Linear Algebra

Some matrix operations and theory apply to special types of matrices, so it is good to be aware of them.

In this article, we will try to provide a comprehensive overview of the various types of matrices. We will also comment on the desirability of certain matrix types.


To understand determinants, we recommend familiarity with the concepts in

Follow the above links to first get acquainted with the corresponding concepts.


In the inverse matrix recovery demo, you must have noticed that the space collapses, and is irrecoverable, if the two row vectors of the matrix \( \mA \) are perfectly aligned, either in the same direction or opposite. (Try it if you haven't noticed that already)

Let's think of this from a visual perspective. Imagine a parallelogram described by the row vectors of the matrix \( \mA \). This parallelogram has area.

When one row vector of the matrix is a scaled version of another, the parallelogram has no area.

And when that is the case, the matrix is not invertible.

In more than two dimensions, this idea can be generalized to a parallelopiped with volume. If the parallelopiped defined by the row vectors of a matrix has zero volume in \( n \)-dimensional space, then the matrix is not invertible.

This area or more generally volume is called the determinant of the matrix. A matrix with zero determinant is not invertible. Matrices with zero determinants are known as singular matrices.

Imagine a two-dimensional matrix \( \mA \)

$$\mA = \begin{bmatrix} a & b \\ c & d \\ \end{bmatrix}$$

It's determinant, or area of the corresponding parallelogram, denoted by \( | \mA | = ad - bc \). (Verify this to understand it)

As a special case, it is easy to verify that the volume or determinant of a diagonal matrix in any number of dimensions is a simple product of its diagonal elements. Thus, if any diagonal element is zero, the matrix has a zero volume or zero determinant. Consequently, a square diagonal matrix is not invertible if any diagonal element is zero.

It should be obvious that being a volume or area, a determinant is only defined for square matrices. (Think why).

Now, despite being an area the determinant is not always positive. For example, the determinant of an orthogonal matrix is either \(+1\) or \(-1\).

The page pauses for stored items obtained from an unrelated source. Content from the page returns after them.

(* Let $\boldsymbol\lambda=\{\lambda_i\}_{i\in\mathbb N}$ be a nondecreasing real sequence, let $E$ be a symmetric operator on a dense domain $\mathcal D$ of a Hilbert space $\mathcal H$, and let $\{f_i\}_{i\in\mathbb N}\subset\mathcal D$ be an orthonormal sequence with $\langle Ef_i,f_i\rangle=\lambda_i$ for all $i$. Let $\mathbf d=\{d_i\}_{i\in\mathbb N}$ be a real sequence such that \[ \lambda_1\le d_n<\lambda_n\quad\text{for all }n\ge2,\qquad\text{and}\qquad d_1=\lambda_1+\sum_{i=2}^\infty(\lambda_i-d_i)<\lambda_2 . \] Then there exists an orthonormal sequence $\{e_i\}_{i\in\mathbb N}$, each element of which lies in the (algebraic) linear span of $\{f_i\}_{i\in\mathbb N}$, such that $\overline{\operatorname{span}}\{e_i\}=\overline{\operatorname{span}}\{f_i\}$ and $\langle Ee_i,e_i\rangle=d_i$ for all $i\in\mathbb N$.
   Context: $E$ symmetric means $\langle Ef,g\rangle=\langle f,Eg\rangle$ for all $f,g\in\mathcal D$. The series $\sum_{i\ge2}(\lambda_i-d_i)$ of positive terms is implicitly assumed convergent, since it equals $d_1-\lambda_1$. $\overline{\operatorname{span}}$ is the closed linear span. *)

From HB Require Import structures.
From mathcomp Require Import all_boot all_order all_algebra.
From mathcomp Require Import all_classical all_reals topology normedtype sequences.
From mathcomp Require Import complex.
Set Implicit Arguments. Unset Strict Implicit. Unset Printing Implicit Defensive.
Import Order.TTheory GRing.Theory Num.Theory.
Local Open Scope ring_scope.

(* Complex Hilbert spaces, set up by hand: scalars are R[i] for R : realType.
   Natural-number indices of the paper (starting at 1) are shifted to start at 0. *)
Section Hilbert.
Variable R : realType.
Local Notation C := R[i].
Variable V : lmodType C.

In the next demo, check out the imaginary parallelogram described by the rows of the matrix. Note how the area changes, in sign and magnitude as you modify the matrix.

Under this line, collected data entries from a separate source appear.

(* Let $\mathbb P$ be a Bernoulli measure on $\partial\mathcal M$, $f(x)=\mathbb P({\uparrow}x)$ for $x\in\mathcal M$, and let $B=(B_{\gamma,\gamma'})_{\gamma,\gamma'\in\mathfrak C}$ be the non-negative matrix with $B_{\gamma,\gamma'}=f(\gamma')$ if $\gamma\to\gamma'$ and $B_{\gamma,\gamma'}=0$ otherwise. Then the spectral radius of $B$ equals $1$.
   Context: Let $\Sigma$ be a finite set with at least two elements and $I\subseteq\Sigma\times\Sigma$ a symmetric irreflexive relation such that $(\Sigma,(\Sigma\times\Sigma)\setminus I)$ is connected. The heap monoid $\mathcal M=\mathcal M(\Sigma,I)$ is $\Sigma^*$ modulo the smallest congruence containing $(ab,ba)$ for $(a,b)\in I$; $\cdot$ is concatenation, $0$ the empty heap. $x\le y$ iff $y=x\cdot z$ for some $z$. Cliques are heaps formed by distinct pairwise independent pieces; $\mathfrak C$ the nonempty ones; $\gamma\to\gamma'$ iff each piece of $\gamma'$ is dependent (not in $I$) on some piece of $\gamma$. Every nonempty heap has a unique Cartier–Foata decomposition $\gamma_1\cdots\gamma_n$ with $\gamma_i\in\mathfrak C$, $\gamma_i\to\gamma_{i+1}$. The boundary $\partial\mathcal M$ is the set of infinite sequences $(\gamma_n)_{n\ge1}$ of nonempty cliques with $\gamma_n\to\gamma_{n+1}$, ordered together with $\mathcal M$ by $\xi\le\xi'$ iff $\gamma_1\cdots\gamma_n\le\gamma'_1\cdots\gamma'_n$ for all $n$ (finite heaps padded with empty cliques). ${\uparrow}x=\{\xi\in\partial\mathcal M:x\le\xi\}$; $\mathcal F$ the generated $\sigma$-algebra. A Bernoulli measure is a probability $\mathbb P$ on $(\partial\mathcal M,\mathcal F)$ with $\mathbb P({\uparrow}(x\cdot y))=\mathbb P({\uparrow}x)\mathbb P({\uparrow}y)$ and $\mathbb P({\uparrow}x)>0$ for all $x,y$. *)

From Stdlib Require Import Reals.
From mathcomp Require Import all_boot.
Local Open Scope R_scope.

Set Implicit Arguments.
Unset Strict Implicit.
Unset Printing Implicit Defensive.

Inductive tequiv (S : finType) (I : rel S) : seq S -> seq S -> Prop :=
| te_refl u : tequiv I u u
| te_swap u w a b : I a b -> tequiv I (u ++ a :: b :: w) (u ++ b :: a :: w)
| te_sym u v : tequiv I u v -> tequiv I v u
| te_trans u v w : tequiv I u v -> tequiv I v w -> tequiv I u w.

Definition hle (S : finType) (I : rel S) (x y : seq S) : Prop :=
  exists z, tequiv I y (x ++ z).

Definition is_clique (S : finType) (I : rel S) (c : {set S}) : bool :=
  (c != set0) && [forall a in c, forall b in c, (a != b) ==> I a b].

Definition arrow (S : finType) (I : rel S) (c c' : {set S}) : bool :=
  [forall b in c', exists a in c, ~~ I a b].

(* The clique gamma viewed as a heap (order of pieces irrelevant up to tequiv). *)
Definition clique_word (S : finType) (c : {set S}) : seq S := enum c.

(* Boundary: infinite sequences of nonempty cliques with gamma_n -> gamma_{n+1}. *)
Definition bnd_ok (S : finType) (I : rel S) (s : nat -> {set S}) : Prop :=
  forall n, is_clique I (s n) /\ arrow I (s n) (s n.+1).

Definition Bnd (S : finType) (I : rel S) := {s : nat -> {set S} | bnd_ok I s}.

Definition bprefix (S : finType) (I : rel S) (xi : Bnd I) (n : nat) : seq S :=
  flatten [seq clique_word (proj1_sig xi k) | k <- iota 0 n].

Definition up (S : finType) (I : rel S) (x : seq S) (xi : Bnd I) : Prop :=
  exists n, hle I x (bprefix xi n).

Inductive meas (S : finType) (I : rel S) : (Bnd I -> Prop) -> Prop :=
| m_up (x : seq S) : meas (@up S I x)
| m_compl (A : Bnd I -> Prop) : meas A -> meas (fun xi => ~ A xi)
| m_union (A : nat -> Bnd I -> Prop) :
    (forall n, meas (A n)) -> meas (fun xi => exists n, A n xi)
| m_ext (A B : Bnd I -> Prop) : meas A -> (forall xi, A xi <-> B xi) -> meas B.
Arguments meas {S} I _.

Record is_probability (S : finType) (I : rel S) (P : (Bnd I -> Prop) -> R) : Prop := {
  pr_ext : forall A B, meas I A -> (forall xi, A xi <-> B xi) -> P A = P B;
  pr_nonneg : forall A, meas I A -> Rle 0 (P A);
  pr_total : P (fun _ => True) = R1;
  pr_sigma : forall A : nat -> Bnd I -> Prop,
      (forall n, meas I (A n)) ->
      (forall n m xi, n <> m -> A n xi -> A m xi -> False) ->
      infinite_sum (fun n => P (A n)) (P (fun xi => exists n, A n xi))
}.

Definition bernoulli (S : finType) (I : rel S) (P : (Bnd I -> Prop) -> R) : Prop :=
  is_probability P /\
  (forall x y : seq S, P (@up S I (x ++ y)) = (P (@up S I x) * P (@up S I y))) /\
  (forall x : seq S, Rlt 0 (P (@up S I x))).

Definition cliques (S : finType) (I : rel S) : seq {set S} :=
  [seq c <- enum {: {set S}} | is_clique I c].

Definition Bmat (S : finType) (I : rel S) (P : (Bnd I -> Prop) -> R)
  (c c' : {set S}) : R :=
  if arrow I c c' then P (@up S I (clique_word c')) else R0.

Definition Cx := (R * R)%type.
Definition C0 : Cx := (R0, R0).
Definition Cadd (z w : Cx) : Cx := ((z.1 + w.1), (z.2 + w.2)).
Definition Cmul (z w : Cx) : Cx :=
  ((z.1 * w.1 - z.2 * w.2), (z.1 * w.2 + z.2 * w.1)).
Definition Cscale (r : R) (z : Cx) : Cx := ((r * z.1), (r * z.2)).
Definition Cmod (z : Cx) : R := sqrt (z.1 * z.1 + z.2 * z.2).

Definition is_eigenvalue (S : finType) (I : rel S) (M : {set S} -> {set S} -> R)
  (lam : Cx) : Prop :=
  exists v : {set S} -> Cx,
    (exists c, is_clique I c /\ v c <> C0) /\
    forall c, is_clique I c ->
      foldr Cadd C0 [seq Cscale (M c c') (v c') | c' <- cliques I] = Cmul lam (v c).

Definition spectral_radius_is (S : finType) (I : rel S) (M : {set S} -> {set S} -> R)
  (r : R) : Prop :=
  is_lub (fun t => exists lam, is_eigenvalue I M lam /\ t = Cmod lam) r.

(* Let h(c) be the probability that the first clique of the random boundary point
   is c, and f(x) = P(up x).  Inclusion-exclusion over the pieces commuting with c,
   together with f(c u e) = f(c) f(e) for disjoint c, e with c u e a clique, gives
   h(c) = f(c) g(c) with g(c) = sum_{c -> c'} h(c').  Hence
   (B g)(c) = sum_{c -> c'} f(c') g(c') = sum_{c -> c'} h(c') = g(c), so g is an
   eigenvector of B for the eigenvalue 1.  It is positive: g(c) >= h({a}) for a in c,
   and h({a}) >= f(x) > 0 for a word x containing every letter whose only minimal
   piece is a, which exists because the dependence graph is connected.  Finally a
   nonnegative matrix with a positive eigenvector for 1 has no eigenvalue of modulus
   larger than 1: compare any eigenvector v with g at a clique maximising |v| / g. *)

From Pilot Require Import Defs.
From Stdlib Require Import Reals Classical Lra Psatz.
From mathcomp Require Import all_boot ssralg ssrnum Rstruct.
From Coquelicot Require Complex.
Set Implicit Arguments.
Unset Strict Implicit.
Unset Printing Implicit Defensive.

Visualizing determinants: A demo

In the following interactive, we show a \(2 \times 2 \) matrix. The row vectors of the matrix are represented as arrows, similar to our treatise on the geometry of vectors.

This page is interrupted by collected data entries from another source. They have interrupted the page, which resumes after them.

Lemma floor_div_bounds (R : realType) (s v : R) : 0 < s ->
  (Num.floor (v / s))%:~R * s <= v < ((Num.floor (v / s))%:~R + 1) * s.
Proof.
move=> s0; have /andP[lo hi] := floor_itv (v / s).
by rewrite intrD in hi; rewrite -ler_pdivlMr // -ltr_pdivrMr // lo hi.
Qed.

Lemma floor_div_le_succ (R : realType) (s v w : R) : 0 < s -> `|v - w| <= s ->
  (Num.floor (w / s) <= Num.floor (v / s) + 1)%R.
Proof.
move=> s0; rewrite ler_norml => /andP[wv _].
have /andP[v_lo v_hi] := floor_div_bounds v s0.
have /andP[w_lo w_hi] := floor_div_bounds w s0.
rewrite -ltzD1 -(ltr_int R) !intrD -(ltr_pM2r s0); nra.
Qed.

Lemma sqrt_le_nfrakS (R : realType) (n : nat) : Num.sqrt (n%:R : R) <= (nfrak R n)%:R + 1.
Proof.
rewrite /nfrak natr_absz; have := ceil_ge (Num.sqrt (n%:R : R) - 1).
have := ler_norm (Num.ceil (Num.sqrt (n%:R : R) - 1)); rewrite -(ler_int R); lra.
Qed.

Section Grid.
Variables (R : realType) (n : nat) (eps : R).
Hypothesis side_gt0 : 0 < side n eps.
Local Notation s := (side n eps).
Implicit Types (j k : 'I_n -> int) (p q y z : 'rV[R]_n) (Y : set 'rV[R]_n).

Definition cube_of y : 'I_n -> int := fun i => Num.floor (y ord0 i / s).

Lemma cube_of_mem y : cube eps (cube_of y) y.
Proof. by move=> i; have /andP[lo hi] := floor_div_bounds (y ord0 i) side_gt0; rewrite lo ltW. Qed.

Each row vector is an arrow, with the tail at the origin, and the head at the value of the vector.

A similar geometric interpretation can be imagined for an \( n \)-dimensional square matrices, in an \(n\)-dimensional space.

Drag the cricle to change the vector

Where to next?

In this section, we have merely defined the various matrix types. To really build intuition about what these actually mean, we first need to understand the effect of multiplying a particular type of matrix. We present this in matrix as a transformer.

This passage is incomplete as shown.